[Collected data entries]
# # # # #

(* Let $G$ be a group acting properly by isometries on a metric space $X$ and let $H\le G$. Assume: (I) $\omega_H<\infty$; (II) $H$ is divergent; (III) there exist subgroups $K\le G$ and $F\le H\cap K$ such that $F$ is a proper finite subgroup of $K$ and the natural morphism $H\ast_F K\to G$ is injective. Then $\omega_H<\omega_G$.
   Context: Proper means $B_G(x,r)=\{g\in G: d(x,gx)\le r\}$ is finite for all $x\in X$, $r\ge0$. For $o\in X$: $\omega_H=\limsup_{r\to\infty}\frac1r\log|B_G(o,r)\cap H|$ and $\omega_G$ is the same with $H=G$. The Poincaré series is $\mathcal P_H(s)=\sum_{h\in H}e^{-s\,d(o,ho)}$; $H$ is divergent if $\mathcal P_H(s)$ diverges at $s=\omega_H$. *)

From Stdlib Require Import Reals List.
From Coquelicot Require Import Coquelicot.
Open Scope R_scope.
Import ListNotations.

Record IsGroup (G : Type) (mul : G -> G -> G) (one : G) (inv : G -> G) : Prop := {
  grp_assoc : forall a b c, mul a (mul b c) = mul (mul a b) c;
  grp_mul1g : forall a, mul one a = a;
  grp_mulg1 : forall a, mul a one = a;
  grp_mulVg : forall a, mul (inv a) a = one;
  grp_mulgV : forall a, mul a (inv a) = one }.

Record IsSubgroup (G : Type) (mul : G -> G -> G) (one : G) (inv : G -> G)
    (H : G -> Prop) : Prop := {
  sub_one : H one;
  sub_mul : forall a b, H a -> H b -> H (mul a b);
  sub_inv : forall a, H a -> H (inv a) }.

Definition finite_set {T : Type} (P : T -> Prop) : Prop :=
  exists l : list T, forall x, P x -> In x l.

Definition has_card {T : Type} (P : T -> Prop) (n : nat) : Prop :=
  exists l : list T, NoDup l /\ (forall x, P x <-> In x l) /\ length l = n.

Record IsMetric (X : Type) (d : X -> X -> R) : Prop := {
  met_ge0 : forall x y, 0 <= d x y;
  met_eq0 : forall x y, d x y = 0 <-> x = y;
  met_sym : forall x y, d x y = d y x;
  met_tri : forall x y z, d x z <= d x y + d y z }.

# # # # #

Take each line above that contains "Definition" and copy it out.

Definition finite_set {T : Type} (P : T -> Prop) : Prop :=
Definition has_card {T : Type} (P : T -> Prop) (n : nat) : Prop :=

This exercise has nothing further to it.